Widely expected? By whom and why? Are Nasim and I not expected to know what is happening in this country? Have I not seen the marks left by the beatings inflicted on journalist Hussain Haqqani's bottom? Do we both not know how editor Najam Sethi's house was broken into by government goons in the middle of the night, how he was dragged away blindfolded and kept for a month in solitary confinement in safe houses?

Then there arrives a letter from the Foreign Office saying, "Please be informed that the Prime Minister has been pleased to nominate you as a special envoy to visit West Coast cities and Washington to explain post-Kargil situation to public representatives, think-tanks and media."

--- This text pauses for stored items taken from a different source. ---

(* For any time complexity function $t$, $$\mathrm{IP}(\mathrm{constant\ space},\ \infty\ \mathrm{private\ random\ bits},\ \infty\ \mathrm{public\ random\ bits},\ O(t(n))\ \mathrm{time})\subseteq\mathrm{IP}(\mathrm{constant\ space},\ O(n)\ \mathrm{private\ random\ bits},\ O(n)\ \mathrm{public\ random\ bits},\ O(n)\ \mathrm{time}),$$ and the same inclusion holds for the $\mathrm{IP}^{\mathrm{high}}$ variants of the two classes.
   Context: Interactive proof systems. A verifier is a probabilistic Turing machine with a read-only input tape containing $\rhd w\lhd$, a read-write work tape, and a read-write communication cell shared with a prover. Its states may flip private coins (fair random bits hidden from the prover), flip public coins (fair random bits revealed to the prover; public-coin states are communication states), and/or write to the communication cell. In each step, based on the state, scanned symbols and coin outcomes, it changes state, writes on the work tape, writes to the communication cell (if in a communication state), and moves its heads. Each time the verifier writes to the communication cell, the prover overwrites it with a symbol that is an arbitrary function of $w$, the history of public coin outcomes, and the communication symbols so far. The verifier halts on entering accept/reject; it may run forever. $V$ verifies $L$ with error $\varepsilon=\max(\varepsilon^+,\varepsilon^-)$, $\varepsilon^\pm<1/2$, if some prover makes $V$ accept every $w\in L$ with probability at least $1-\varepsilon^+$, and for every prover and every $w\notin L$, $V$ halts and rejects with probability at least $1-\varepsilon^-$. $\mathrm{IP}^{\mathrm{high}}(\ldots)$ is the class of languages verifiable with some error $\varepsilon<1/2$ by verifiers within the listed resource bounds; $\mathrm{IP}(\ldots)$ is the class of languages verifiable with arbitrarily low error (for every $\varepsilon>0$ there is a verifier within the bounds with error at most $\varepsilon$). All bounds here are worst-case functions of the input length $n$; constant space means $O(1)$ work-tape cells; $\infty$ means no bound. *)

From mathcomp Require Import all_boot.
From Stdlib Require Import Reals.
Lemma admissible_parameters (a b u : R) :
  0 < b -> b < a -> a / b > sqrt 2 -> Rabs u < umax a b ->
  0 < cfoc a b /\ cfoc a b ^ 2 = a^2 - b^2 /\ u^2 < 1 /\
  cfoc a b ^ 4 * u^2 < a^2*(a^2 - 2*b^2).
Proof.
  intros hb hab hratio hu.
  assert (hab2 : 2*b^2 < a^2).
  { assert (hsq : sqrt 2 * b < a).
    { replace a with (a/b*b) by (field; lra). apply Rmult_lt_compat_r; lra. }
    assert (h2 : sqrt 2 ^ 2 = 2) by (apply pow2_sqrt; lra).
    assert (0 <= sqrt 2 * b) by (pose proof (sqrt_pos 2); nra).
    replace (2*b^2) with (sqrt 2 ^ 2 * b^2) by (rewrite h2; ring).
    replace (sqrt 2 ^ 2 * b^2) with ((sqrt 2 * b)^2) by ring.
    nra. }
  assert (hc2 : cfoc a b ^ 2 = a^2 - b^2) by (apply pow2_sqrt; nra).
  assert (hc : 0 < cfoc a b) by (apply sqrt_lt_R0; nra).
  unfold umax in hu. set (c := cfoc a b) in *. set (q := sqrt (a^2 - 2*b^2)) in hu.
  assert (hq2 : q^2 = a^2 - 2*b^2) by (apply pow2_sqrt; lra).
  assert (hq : 0 <= q) by apply sqrt_pos.
  assert (hu2 : u^2 < (a/c^2*q)^2).
  { rewrite <- (pow2_abs u). pose proof (Rabs_pos u). nra. }
  assert (hS : c^4 * u^2 < a^2*(a^2 - 2*b^2)).
  { replace (a^2*(a^2 - 2*b^2)) with (c^4 * (a/c^2*q)^2) by (rewrite <- hq2; field; lra).
    apply Rmult_lt_compat_l; [apply pow_lt|]; lra. }
  repeat split; try assumption.
  assert (c^4 = (a^2 - b^2)^2) by (rewrite <- hc2; ring).
  assert (0 < c^4) by (apply pow_lt; lra). nra.
Qed.

Theorem mainTheorem3 (a b u : R)
  (hb : 0 < b) (hab : b < a) (hratio : a / b > sqrt 2)
  (hu : Rabs u < umax a b) :
  let c := cfoc a b in
  let Cc := (0, (c^2*u^2 - a^2 + 2*b^2) / (2*b*sqrt (1 - u^2))) in
  let Rr := (a^2 - c^2*u^2) / (2*b*sqrt (1 - u^2)) in
  (on_circle Cc Rr (P1 a b u) /\ on_circle Cc Rr (P2 a b u) /\
   on_circle Cc Rr (P3 a b u) /\ on_circle Cc Rr (P4 a b u) /\
   on_circle Cc Rr (-c, 0) /\ on_circle Cc Rr (c, 0)) /\
  (a^2 + (u^2 - 2)*c^2 <> 0 ->
   let Cc' := (0, - (2*b*c^2*sqrt (1 - u^2)) / (a^2 + (u^2 - 2)*c^2)) in
   let Rr' := c * (c^2*u^2 - a^2) / (a^2 + (u^2 - 2)*c^2) in
   (forall Q,
      tangent_intersection a b (P1 a b u) (P2 a b u) Q \/
      tangent_intersection a b (P2 a b u) (P3 a b u) Q \/
      tangent_intersection a b (P3 a b u) (P4 a b u) Q \/
      tangent_intersection a b (P4 a b u) (P1 a b u) Q ->
      on_circle Cc' (Rabs Rr') Q) /\
   on_circle Cc' (Rabs Rr') (-c, 0) /\ on_circle Cc' (Rabs Rr') (c, 0)).
Proof.
  intros c Cc Rr.
  destruct (admissible_parameters a b u hb hab hratio hu) as (hc & hc2 & hu1 & hcu).
  destruct (four_periodic_vertices a b u) as (e1 & e2 & e3 & e4).
  rewrite e1, e2, e3, e4. fold c in hc, hc2, hcu |- *.
  set (s := sqrt (1 - u^2)) in *. set (S := sqrt (a^2*(a^2 - 2*b^2) - c^4*u^2)).
  assert (ha : 0 < a) by lra.
  assert (hs : 0 < s) by (apply sqrt_lt_R0; lra).
  assert (hs2 : s^2 = 1 - u^2) by (apply pow2_sqrt; lra).
  assert (hS2 : S^2 = a^2*(a^2 - 2*b^2) - c^4*u^2) by (apply pow2_sqrt; lra).
  assert (hu' : (- u)^2 = u^2) by ring.
  assert (hS' : (- S)^2 = S^2) by ring.
  split.
  - repeat split; apply on_inner_circle; auto;
      [ apply (upper_vertex_on_inner_circle a b c u s)
      | apply (lower_vertex_on_inner_circle a b c u s S)
      | apply (upper_vertex_on_inner_circle a b c u s)
      | apply (lower_vertex_on_inner_circle a b c u s S)
      | apply focus_on_focal_circle; ring .. ]; auto.
  - intros hE. split; [| split; apply on_outer_circle; auto; apply focus_on_focal_circle; ring].
    intros [X Y] HQ. apply on_outer_circle; auto.
    destruct HQ as [[h1 h2] | [[h1 h2] | [[h1 h2] | [h1 h2]]]];
      [ apply outer_vertex_on_outer_circle with (S := S) (v := u) (t := - S)
      | apply outer_vertex_on_outer_circle with (S := S) (v := - u) (t := - S)
      | apply outer_vertex_on_outer_circle with (S := S) (v := - u) (t := S)
      | apply outer_vertex_on_outer_circle with (S := S) (v := u) (t := S) ]; auto.
Qed.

The Prime Minister may not know, but surely the Foreign Office does, what happens when private individuals address think tanks and the media in the US and how he is questioned? What could I possibly have told them about Kargil other than, as I have declared publicly, that it was an unmitigated disaster. Do I tell them that I come from an illiterate country of 140 million whose Senate Chairman, the same Rhodes scholar, will not permit debate or discussion on what is euphemistically known here as 'honour killings,' thus legalizing murder? Or, that I come from a country where the government sends in a mob to raid the Supreme Court to obstruct the course of justice, a raid filmed by the international media and by the court's own cameras, for which raid it was much later held by three judges of the same court that no one was responsible, implying that in actual fact it never took place? What do I say about the 'extra judicial' killings and of killings whilst in police custody?

As far as Kargil is concerned, we should do everything possible to put a damper on it, to try and make the world forget. Scapegoats are always created after blunders, and today it is the army that is being blamed. Some are led to believe that the prime minister was not aware of the operation. Whether he was or not, he must know that the buck stops at his table, or at the table of the Supreme Commander of our Armed Forces, President R. A. Tarar.

Things could be different if the fun-seekers and looters of the people's wealth ruling over us from Islamabad were answerable to a public that is literate and educated in the greater majority.